A visual prompt is stored as a .vp.json file with the following schema:

{
  "version": 1,
  "classes": [
    { "id": 0, "name": "coffee_mug" },
    { "id": 1, "name": "phone" }
  ],
  "references": [
    {
      "image": "references/img_001.jpg",
      "annotations": [
        { "cls_id": 0, "bbox": [120, 45, 310, 280] },
        { "cls_id": 1, "bbox": [400, 100, 550, 350] }
      ]
    },
    {
      "image": "references/img_002.jpg",
      "annotations": [
        { "cls_id": 0, "bbox": [80, 60, 260, 240] }
      ]
    }
  ]
}

Key rules:

  • version must be 1.
  • classes is an array of objects with id (integer) and name (string). Class IDs must be contiguous starting from 0.
  • references is an array of reference images. Each entry contains an image path (relative to the .vp.json file) and an annotations array.
  • Each annotation specifies a cls_id (matching a class ID) and a bbox in [x1, y1, x2, y2] pixel coordinates.
  • The first reference in the array is used for YOLOE initialization. Subsequent references provide additional examples to improve detection.

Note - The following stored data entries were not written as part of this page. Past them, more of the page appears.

(* The nested commutator $[\Delta_1^6,[\Delta_2^6,[\Delta_3^6,[\Delta_4^6,\Delta_5^6]]]]$ (where $[a,b]=aba^{-1}b^{-1}$) is a nontrivial element of $Br(\Sigma_2)\cap\ker(\rho)$: it lies in $Br(\Sigma_2)$, acts trivially on $H_1(\Sigma_2;\mathbb{Z}_3)$, and acts nontrivially on $H_1(\Sigma_2;\mathbb{Z})$.
   Context: $\Sigma_2$ is the closed orientable genus two surface with hyperelliptic involution $i$ and 2-fold branched covering $\pi\colon\Sigma_2\to S^2$ branched over $y_1,\dots,y_6$. $\Delta_1,\dots,\Delta_5$ are the standard generating Dehn twists of $M(\Sigma_2)$ along a chain of $i$-invariant simple closed curves $c_1,\dots,c_5$ (consecutive curves meeting once, non-consecutive disjoint), where $c_j$ projects to an arc joining $y_j$ and $y_{j+1}$; under the Birman–Hilden surjection $p\colon M(\Sigma_2)\to M(S^2,6)$ (kernel $\langle[i]\rangle$), $p(\Delta_j)=\sigma_j$, the half-twist exchanging $y_j$ and $y_{j+1}$. $M_p(S^2,n)$ is the group of isotopy classes fixing each marked point, $L_i$ the map forgetting $y_i$, $Br(S^2,6)=\bigcap_i\ker L_i$, $Br(\Sigma_2)=p^{-1}(Br(S^2,6))$, and $\rho\colon M(\Sigma_2)\to Sp(4,\mathbb{Z}_3)$ the action on $H_1(\Sigma_2;\mathbb{Z}_3)$. *)

From mathcomp Require Import all_boot all_order all_algebra.
Set Implicit Arguments. Unset Strict Implicit. Unset Printing Implicit Defensive.
Import GRing.Theory.
Local Open Scope ring_scope.

(* Groups given by presentations.  A letter (j, false) is the generator j,  *)
(* (j, true) its inverse.  Words are read left to right as products        *)
(* (functional composition: the rightmost letter acts first).              *)
Definition letter (k : nat) := ('I_k * bool)%type.
Definition word (k : nat) := seq (letter k).

Definition inv_letter k (x : letter k) : letter k := (x.1, ~~ x.2).
Definition inv_word k (w : word k) : word k := rev (map (@inv_letter k) w).
Definition gen k (j : 'I_k) : word k := [:: (j, false)].
Definition pow_word k (w : word k) (n : nat) : word k := flatten (nseq n w).
Definition comm_word k (a b : word k) : word k :=
  a ++ b ++ inv_word a ++ inv_word b.

(* equality in the group < generators 'I_k | R >  (R a list of relations l = r) *)
Inductive pres_eq (k : nat) (R : seq (word k * word k)) : word k -> word k -> Prop :=
| pe_refl w : pres_eq R w w
| pe_sym u v : pres_eq R u v -> pres_eq R v u
| pe_trans u v w : pres_eq R u v -> pres_eq R v w -> pres_eq R u w
| pe_free u v x : pres_eq R (u ++ x :: inv_letter x :: v) (u ++ v)
| pe_rel u v l r : (l, r) \in R -> pres_eq R (u ++ l ++ v) (u ++ r ++ v).

(* M(S^2, m+2): mapping class group of the sphere with m+2 marked points,  *)
(* generated by the half-twists sigma_1..sigma_{m+1} (here indexed by      *)
(* 'I_m.+1), with its standard presentation: braid relations,              *)
(* sigma_1...sigma_{m+1} sigma_{m+1}...sigma_1 = 1 and                     *)
(* (sigma_1 ... sigma_{m+1})^(m+2) = 1.                                   *)
(* the ordinals 0, 1, ..., n-1 in increasing order (computable variant of enum) *)
Fixpoint ords (n : nat) : seq 'I_n :=
  match n with
  | 0 => [::]
  | n'.+1 => ord0 :: map (lift ord0) (ords n')
  end.

Definition chain_word (m : nat) : word m.+1 := [seq (j, false) | j <- ords m.+1].

Definition braid_rels (m : nat) : seq (word m.+1 * word m.+1) :=
  flatten [seq [seq ([:: (i, false); (j, false); (i, false)],
                     [:: (j, false); (i, false); (j, false)])
               | j <- ords m.+1 & (val j == (val i).+1)%N]
          | i <- ords m.+1]
  ++
  flatten [seq [seq ([:: (i, false); (j, false)], [:: (j, false); (i, false)])
               | j <- ords m.+1 & ((val i).+1 < val j)%N]
          | i <- ords m.+1].

Definition sphere_rels (m : nat) : seq (word m.+1 * word m.+1) :=
  braid_rels m ++
  [:: (chain_word m ++ rev (chain_word m), [::]);
      (pow_word (chain_word m) m.+2%N, [::])].

Definition trivial_sphere (m : nat) (w : word m.+1) : Prop :=
  pres_eq (sphere_rels m) w [::].

(* M(Sigma_2): generated by Delta_1..Delta_5 (indexed by 'I_5), with the    *)
(* Birman-Hilden presentation (recorded for reference).                    *)
Definition Hword : word 5 := chain_word 4 ++ rev (chain_word 4).
Definition genus2_rels : seq (word 5 * word 5) :=
  braid_rels 4 ++
  [:: (pow_word (chain_word 4) 6%N, [::]); (pow_word Hword 2%N, [::])] ++
  [seq (Hword ++ gen j, gen j ++ Hword) | j <- ords 5].

(* Birman-Hilden map p : M(Sigma_2) -> M(S^2,6), Delta_j |-> sigma_j, on words. *)
Definition p_word (w : word 5) : word 5 := w.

Creating with VP Builder GUI

The VP Builder is available as Tab 2 in the MindSight GUI. The workflow is:

  1. Add Images -- Click "Add Reference Images" to load one or more images that contain your target objects.
  2. Draw Boxes -- Click and drag on the image canvas to draw bounding boxes around each object instance.
  3. Assign Classes -- Select a class from the class list (or create a new class) and assign it to each bounding box.
  4. Save VP File -- Click "Save" to export the visual prompt as a .vp.json file along with the reference images.
  5. Test Inference -- Use the "Test" button to run detection on a sample image and verify that your visual prompt produces good results.

CLI Usage

To use a visual prompt from the command line:

python MindSight.py --vp-file prompt.vp.json --vp-model yoloe-26l-seg.pt
  • --vp-file specifies the path to your .vp.json visual prompt file.
  • --vp-model specifies the YOLOE model weights to use for visual-prompt-based detection.

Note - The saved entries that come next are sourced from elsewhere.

(* Let $s\in\mathscr S_+$ and let $\operatorname{supp}(s)=X_0\amalg X_1\amalg\cdots\amalg X_k$ be its interval decomposition, with $l_i:=\#X_i$ for $i\in[0,k]$. Then $$\mathfrak d(s)=l_0+2\left\lceil \tfrac{l_1}{2}\right\rceil+\cdots+2\left\lceil \tfrac{l_k}{2}\right\rceil .$$
   Context: $\omega$ denotes the natural numbers including $0$; $[n,m]=\{x\in\omega:n\le x\le m\}$, $[m]=[1,m]$. A finite sign sequence is $s=(s_i)_{i\in\omega}\in\{-,0,+\}^\omega$ with only finitely many nonzero entries; $\mathscr S$ is the set of all of them; $\operatorname{supp}(s)=\{i:s_i\ne0\}$; $\mathscr S_+=\mathscr S\cap\{0,+\}^\omega$. $\mathrm{SC}(t)$ is the number of pairs $i<j$ with $\{t_i,t_j\}=\{-,+\}$ and $t_k=0$ for all $i<k<j$. For $s\in\mathscr S_+$, $\mathfrak d(s)=\max\{\mathrm{SC}(t): t\in\mathscr S,\ t_i\in\{-,0,s_i\}\ \forall i\}$. The interval decomposition of $s\in\mathscr S_+$ is the unique decomposition $\operatorname{supp}(s)=X_0\amalg\cdots\amalg X_k$ such that each $X_i$ is an interval of $\omega$; $0\in X_0$ if $0\in\operatorname{supp}(s)$ and $X_0=\emptyset$ otherwise; $X_i\neq\emptyset$ for $i\in[k]$; and $\min X_i-\max X_{i-1}\ge 2$ for $i\in[k]$ (with $\max\emptyset=-\infty$). *)

From mathcomp Require Import all_boot.
Set Implicit Arguments. Unset Strict Implicit. Unset Printing Implicit Defensive.

Inductive sign := Minus | Zero | Plus.

Definition is_zero (a : sign) : bool := if a is Zero then true else false.
Definition is_minus (a : sign) : bool := if a is Minus then true else false.

Definition opp_signs (a b : sign) : bool :=
  match a, b with Minus, Plus | Plus, Minus => true | _, _ => false end.

(* A finite sign sequence is represented by a finite list t; its i-th entry
   is [nth Zero t i] (entries beyond the list are 0).  Every element of
   \mathscr S arises this way. *)
Definition entry (t : seq sign) (i : nat) : sign := nth Zero t i.

Definition supp (t : seq sign) (i : nat) : bool := ~~ is_zero (entry t i).

Definition in_Splus (s : seq sign) : Prop := forall i, ~~ is_minus (entry s i).

(* SC(t): number of pairs i<j with {t_i,t_j}={-,+} and t_k=0 for i<k<j.
   Pairs with j >= size t never count since then t_j = 0. *)
Definition SC (t : seq sign) : nat :=
  \sum_(0 <= j < size t) \sum_(0 <= i < j)
     [&& opp_signs (entry t i) (entry t j)
       & all (fun k => is_zero (entry t k)) (iota i.+1 (j - i.+1))].

Definition compatible (s t : seq sign) : Prop :=
  forall i, entry t i = Minus \/ entry t i = Zero \/ entry t i = entry s i.

Definition dfrak_is (s : seq sign) (n : nat) : Prop :=
  (exists2 t, compatible s t & SC t = n) /\
  (forall t, compatible s t -> SC t <= n).

Definition is_interval (X : pred nat) : Prop :=
  forall x y z, x <= y <= z -> X x -> X z -> X y.

Definition interval_decomposition (s : seq sign) (k : nat) (X : nat -> pred nat)
  : Prop :=
  (forall i, i <= k -> is_interval (X i)) /\
  [/\
      forall x, supp s x <-> exists2 i, i <= k & X i x,
      forall i j x, i <= k -> j <= k -> i != j -> X i x -> X j x -> False,
      (if supp s 0 then is_true (X 0 0) else forall x, ~~ X 0 x),
      forall i, 1 <= i <= k -> exists x, X i x
    &
      forall i x y, 1 <= i <= k -> X i x -> X i.-1 y -> y + 2 <= x ].

(* #X for X contained in supp(s) \subseteq [0, size s). *)
Definition card_in (s : seq sign) (X : pred nat) : nat :=
  count X (iota 0 (size s)).

From mathcomp Require Import all_boot zify.
Set Implicit Arguments. Unset Strict Implicit.

(* SC counts the pairs of opposite nonzero signs that become adjacent once the
   zeros are deleted, so the gain of choosing t_i depends only on the last
   nonzero sign L chosen before i.  Hence d(s) is the value at L = 0 of a
   dynamic programme over the suffixes of s.  For s in S_+ the optimum
   alternates signs along each run of +'s: a run of length l earns 2⌈l/2⌉
   changes, using a - placed in the gap before it, except a run starting at 0,
   which has no gap before it and earns only l. *)

Fixpoint first_nonzero (t : seq sign) : sign :=
  if t is a :: t' then (if a is Zero then first_nonzero t' else a) else Zero.

Lemma all_iota_entry_cons (P : pred sign) b t m n :
  all (fun k => P (entry (b :: t) k)) (iota m.+1 n)
  = all (fun k => P (entry t k)) (iota m n).
Proof. by rewrite -addn1 addnC iotaDl all_map. Qed.

Lemma sum_first_change a t :
  \sum_(0 <= j < size t)
     (opp_signs a (entry t j) && all (fun k => is_zero (entry t k)) (iota 0 j))
  = opp_signs a (first_nonzero t).
Proof.
elim: t => [|b t IH]; first by rewrite big_geq //; case: a.
rewrite /= big_nat_recl //=.
under eq_bigr => j _ do rewrite all_iota_entry_cons.
case: b => /=; [|by rewrite -IH; case: (a)|];
  by rewrite big1 ?addn0 ?andbT // => j _; rewrite andbF.
Qed.

Lemma SC_cons a t : SC (a :: t) = opp_signs a (first_nonzero t) + SC t.
Proof.
rewrite /SC /= big_nat_recl // big_geq // add0n.
under eq_bigr => j _ do rewrite big_nat_recl // subSS subn0 all_iota_entry_cons.
under eq_bigr => j _ do under eq_bigr => i _ do rewrite subSS all_iota_entry_cons.
by rewrite big_split /= sum_first_change.
Qed.

Lemma SC1 a : SC [:: a] = 0.
Proof. by rewrite SC_cons /SC big_geq //; case: a. Qed.

Lemma SC_Zero t : SC (Zero :: t) = SC t.
Proof. by rewrite SC_cons; case: first_nonzero. Qed.

Lemma SC_cons2 L b t :
  SC [:: L, b & t] = if b is Zero then SC (L :: t) else opp_signs L b + SC (b :: t).
Proof. by rewrite !SC_cons; case: b => //=; case: first_nonzero. Qed.

Lemma compatible_cons s b t :
  compatible s (b :: t) <->
  (b = Minus \/ b = Zero \/ b = entry s 0) /\ compatible (behead s) t.
Proof.
split=> [Hc | [Hb Ht] [|i] //]; last by rewrite /entry /= -nth_behead; apply: Ht.
by split=> [|i]; [exact: (Hc 0) | rewrite /entry nth_behead; apply: (Hc i.+1)].
Qed.

(* [maxSC L s] is the largest SC (L :: t) over the t compatible with s; the
   base case places a single - after s. *)
Fixpoint maxSC (L : sign) (s : seq sign) : nat :=
  if s is a :: s' then
    let gain b := if b is Zero then maxSC L s' else opp_signs L b + maxSC b s' in
    maxn (gain Minus) (maxn (gain Zero) (gain a))
  else opp_signs L Minus.

Definition maxSC_gain (L b : sign) (s : seq sign) : nat :=
  if b is Zero then maxSC L s else opp_signs L b + maxSC b s.

Lemma maxSC_cons L a s :
  maxSC L (a :: s) = maxn (maxSC_gain L Minus s) (maxn (maxSC_gain L Zero s) (maxSC_gain L a s)).
Proof. by []. Qed.

Lemma maxSC_gain_le L s b :
  b = Minus \/ b = Zero \/ b = entry s 0 -> maxSC_gain L b (behead s) <= maxSC L s.
Proof.
case: s => [|a s]; last first.
  by rewrite maxSC_cons; case=> [->|[->|->]]; rewrite !leq_max leqnn ?orbT.
by rewrite /entry /=; case=> [->|[->|->]] /=; rewrite ?addn0.
Qed.

Lemma SC_le_maxSC L s t : compatible s t -> SC (L :: t) <= maxSC L s.
Proof.
elim: t L s => [|b t IH] L s; first by rewrite SC1.
case/compatible_cons=> Hb Ht; apply: leq_trans (maxSC_gain_le L Hb).
by rewrite SC_cons2 /maxSC_gain; case: (b) => //; rewrite ?leq_add2l; apply: IH.
Qed.

Lemma maxSC_attained L s : exists2 t, compatible s t & SC (L :: t) = maxSC L s.
Proof.
elim: s L => [|a s IH] L.
  exists (if L is Plus then [:: Minus] else [::]); last by case: L; rewrite ?SC_cons2 SC1.
  by case: L => /= -[|[|i]]; rewrite /entry /= ?nth_nil; auto.
have [b Hb ->] : exists2 b, b = Minus \/ b = Zero \/ b = a & maxSC L (a :: s) = maxSC_gain L b s.
  have [E|[E|E]] : maxSC L (a :: s) = maxSC_gain L Minus s \/ maxSC L (a :: s) = maxSC_gain L Zero s
      \/ maxSC L (a :: s) = maxSC_gain L a s by rewrite maxSC_cons; lia.
  - by exists Minus; [left|].
  - by exists Zero; [right; left|].
  - by exists a; [right; right|].
have [t Ht Et] := IH (if b is Zero then L else b).
exists (b :: t); first exact/compatible_cons.
by rewrite SC_cons2 /maxSC_gain; case: (b) Et => ->.
Qed.

Lemma dfrak_is_maxSC s : dfrak_is s (maxSC Zero s).
Proof.
split=> [|t Ht]; last by rewrite -SC_Zero; apply: SC_le_maxSC.
by have [t Ht Et] := maxSC_attained Zero s; exists t; rewrite // -SC_Zero.
Qed.

Definition is_plus (a : sign) : bool := if a is Plus then true else false.

Definition lead_run (s : seq sign) : nat := find (fun a => ~~ is_plus a) s.

(* A + earns 2 exactly when the +'s right after it form a run of even length,
   so a run of l pluses earns 2⌈l/2⌉. *)
Fixpoint run_weight (s : seq sign) : nat :=
  if s is a :: s' then
    (if is_plus a && ~~ odd (lead_run s') then 2 else 0) + run_weight s'
  else 0.

Definition maxSC_splus (L : sign) (s : seq sign) : nat :=
  match L with
  | Minus => run_weight s
  | Zero => run_weight s - odd (lead_run s)
  | Plus => run_weight s + 1 - 2 * odd (lead_run s)
  end.

Lemma in_Splus_cons a s : in_Splus (a :: s) -> a <> Minus /\ in_Splus s.
Proof. by move=> H; split=> [|i]; [move: (H 0); case: (a) | apply: (H i.+1)]. Qed.

Lemma odd_lead_run_weight s : odd (lead_run s) -> 2 <= run_weight s.
Proof. by case: s => [|[] s] //= ->. Qed.

Lemma maxSC_splusE s : in_Splus s -> forall L, maxSC L s = maxSC_splus L s.
Proof.
elim: s => [|a s IH] Hs L; first by case: L.
have [Ha {}/IH IH] := in_Splus_cons Hs; clear Hs.
rewrite maxSC_cons /maxSC_gain !IH /maxSC_splus /=.
have := @odd_lead_run_weight s.
by case: a Ha => // _ /=; case: (odd _); case: L => /=; lia.
Qed.

Lemma count_iota_prefix (P : pred nat) a n r :
  r <= n -> (forall m, m < n -> P (a + m) = (m < r)) -> count P (iota a n) = r.
Proof.
move=> le_rn HP; rewrite -(subnKC le_rn) iotaD count_cat.
have HPx x : a <= x < a + n -> P x = (x < a + r).
  by case/andP=> le_ax lt_x; rewrite -(subnKC le_ax) HP ?ltn_add2l //; lia.
rewrite (@eq_in_count _ _ predT) ?count_predT ?size_iota; last first.
  by move=> x; rewrite mem_iota => /andP[le_ax lt_x]; rewrite HPx ?lt_x //; lia.
rewrite (@eq_in_count _ _ pred0) ?count_pred0 ?addn0 //.
by move=> x; rewrite mem_iota => /andP[le_x lt_x]; rewrite HPx ?ltnNge ?le_x //; lia.
Qed.

Lemma sum_even_suffix_count (P : pred nat) a d :
  \sum_(a <= p < a + d) (if P p && ~~ odd (count P (iota p.+1 (a + d - p.+1))) then 2 else 0)
  = 2 * uphalf (count P (iota a d)).
Proof.
elim: d a => [|d IH] a; first by rewrite addn0 big_geq.
rewrite big_ltn ?addnS -?addSn ?IH; last lia.
have -> : a.+1 + d - a.+1 = d by lia.
rewrite /= !mul2n !uphalfK; case: (P a) => //=.
by case: odd => /=; lia.
Qed.

Lemma run_weight_sum s :
  run_weight s = \sum_(0 <= p < size s)
     (if is_plus (entry s p) && ~~ odd (lead_run (drop p.+1 s)) then 2 else 0).
Proof.
elim: s => [|a s IH]; first by rewrite big_geq.
by rewrite /= big_nat_recl // drop0 IH.
Qed.

Lemma lead_run_plus t j : j < lead_run t -> entry t j = Plus.
Proof. by move/(before_find Zero); rewrite /entry; case: nth. Qed.

Lemma lead_run_end t : ~~ is_plus (entry t (lead_run t)).
Proof.
rewrite /entry /lead_run; have [/(nth_find Zero) //|] := boolP (has (fun a => ~~ is_plus a) t).
by rewrite has_find -leqNgt => /(nth_default Zero) ->.
Qed.

Lemma lead_run_first t : is_plus (entry t 0) -> lead_run t = (lead_run (drop 1 t)).+1.
Proof. by case: t => [|[] t] //; rewrite /= drop0. Qed.

Lemma supp_is_plus s x : in_Splus s -> supp s x = is_plus (entry s x).
Proof. by move/(_ x); rewrite /supp; case: entry. Qed.

Section IntervalDecomposition.

Variables (s : seq sign) (k : nat) (X : nat -> pred nat).
Hypotheses (Hs : in_Splus s) (D : interval_decomposition s k X).

Lemma block_supp i x : i <= k -> X i x -> supp s x.
Proof. by have [_ [HX _ _ _ _]] := D; move=> le_ik Xx; apply/HX; exists i. Qed.

Lemma supp_block x : supp s x -> exists2 i, i <= k & X i x.
Proof. by have [_ [HX _ _ _ _]] := D; move/HX. Qed.

Lemma block_gap i j x y : j < i <= k -> X i x -> X j y -> y + 2 <= x.
Proof.
have [_ [_ _ _ Hne Hgap]] := D.
elim: i x => [|i IH] x // /andP[lt_ji le_ik] Xx Yy.
have Hgap' z : X i z -> z + 2 <= x by apply: (Hgap i.+1) => //; lia.
have [eq_ji|lt_ji'] := eqVneq j i; first by rewrite -eq_ji in Hgap'; apply: Hgap'.
have [z Xz] : exists z, X i z by apply: Hne; lia.
have := IH z ltac:(lia) Xz Yy; have := Hgap' z Xz; lia.
Qed.

Lemma block_eq i j x y :
  i <= k -> j <= k -> X i x -> X j y -> x <= y.+1 -> y <= x.+1 -> i = j.
Proof.
move=> le_ik le_jk Xx Yy le_xy le_yx.
have [lt_ij|lt_ji|//] := ltngtP i j.
- by have := @block_gap j i y x ltac:(lia) Yy Xx; lia.
- by have := @block_gap i j x y ltac:(lia) Xx Yy; lia.
Qed.

Lemma block_after i p m :
  i <= k -> X i p -> X i (p.+1 + m) = (m < lead_run (drop p.+1 s)).
Proof.
move=> le_ik Xp; set r := lead_run (drop p.+1 s).
have run_supp j : j < r -> supp s (p.+1 + j).
  by move/lead_run_plus; rewrite supp_is_plus // /entry nth_drop => ->.
have run_end : ~~ supp s (p.+1 + r).
  by have := lead_run_end (drop p.+1 s); rewrite supp_is_plus // /entry nth_drop.
have in_run j : j <= r -> X i (p + j).
  elim: j => [|j IH] le_jr; first by rewrite addn0.
  have [i' le_i'k Xi'] := supp_block (run_supp j le_jr).
  have <- : i' = i by apply: (block_eq le_i'k le_ik Xi' (IH (ltnW le_jr))); lia.
  by rewrite addnS -addSn.
apply/idP/idP => [Xm|lt_mr]; last by move: (in_run m.+1 lt_mr); rewrite addnS -addSn.
rewrite ltnNge; apply: contra run_end => le_rm.
have [Hint _] := D; apply: (block_supp le_ik).
by apply: (Hint i le_ik p _ (p.+1 + m)) => //; lia.
Qed.

Lemma count_block_after i p : i <= k -> X i p ->
  count (X i) (iota p.+1 (size s - p.+1)) = lead_run (drop p.+1 s).
Proof.
move=> le_ik Xp; apply: count_iota_prefix => [|m _]; last exact: block_after.
by rewrite -size_drop find_size.
Qed.

Lemma run_weight_blocks :
  run_weight s = \sum_(0 <= i < k.+1) 2 * uphalf (card_in s (X i)).
Proof.
under [RHS]eq_bigr => i _ do rewrite /card_in -(sum_even_suffix_count (X i) 0).
rewrite run_weight_sum exchange_big_nat; apply: eq_big_nat => p _ /=.
rewrite -supp_is_plus //; have [/supp_block[i0 le_i0k Xp]|not_supp] := boolP (supp s p).
  rewrite (bigD1_seq i0) ?mem_index_iota ?iota_uniq //= Xp count_block_after //.
  rewrite big1_seq ?addn0 // => i /andP[ne_ii0]; rewrite mem_index_iota => lt_ik.
  case Xi: (X i p) => //; case/negP: ne_ii0.
  by apply/eqP/(block_eq _ le_i0k Xi Xp) => //; lia.
rewrite big1_seq // => i /andP[_]; rewrite mem_index_iota => lt_ik.
by case Xi: (X i p) => //; case/negP: not_supp; apply: (block_supp _ Xi); lia.
Qed.

Lemma card_block0 : card_in s (X 0) = lead_run s.
Proof.
have [_ [_ _ HX0 _ _]] := D.
apply: count_iota_prefix => [|m _]; first exact: find_size.
case/boolP: (supp s 0) HX0 => [s0 X00|not_s0 X0_empty]; last first.
  have : ~~ (0 < lead_run s).
    by apply: contra not_s0 => /lead_run_plus; rewrite supp_is_plus // => ->.
  by rewrite lt0n negbK (negbTE (X0_empty _)) => /eqP ->; rewrite ltn0.
have -> : lead_run s = (lead_run (drop 1 s)).+1.
  by apply: lead_run_first; rewrite -supp_is_plus.
by case: m => [|m] //; rewrite ltnS -(block_after _ (leq0n k) X00).
Qed.

End IntervalDecomposition.

Theorem mainTheorem2 (s : seq sign) (k : nat) (X : nat -> pred nat) :
  in_Splus s ->
  interval_decomposition s k X ->
  dfrak_is s (card_in s (X 0) +
              \sum_(1 <= i < k.+1) 2 * uphalf (card_in s (X i))).
Proof.
move=> Hs D.
suff -> : card_in s (X 0) + \sum_(1 <= i < k.+1) 2 * uphalf (card_in s (X i))
          = maxSC Zero s by apply: dfrak_is_maxSC.
rewrite (maxSC_splusE Hs) /maxSC_splus (run_weight_blocks Hs D) (@big_ltn _ _ _ 0) //.
by rewrite -(card_block0 Hs D) mul2n uphalfK -addnA addKn.
Qed.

These flags replace the standard --model and --classes arguments. When a VP file is provided, MindSight uses YOLOE instead of the default YOLO text-class pipeline.

Tips

  • Clear reference images: Use well-lit, sharp images where the target object is clearly visible and unoccluded.
  • Multiple annotations per class: Providing several examples of the same class (across different reference images or within the same image) improves detection robustness.
  • Variety matters: Include references showing the object from different angles, scales, and lighting conditions when possible.
  • Test broadly: After creating a visual prompt, test it against a variety of scenes to verify that detection generalizes beyond your reference images.
  • Keep it focused: Each visual prompt works best when targeting a small, well-defined set of object classes.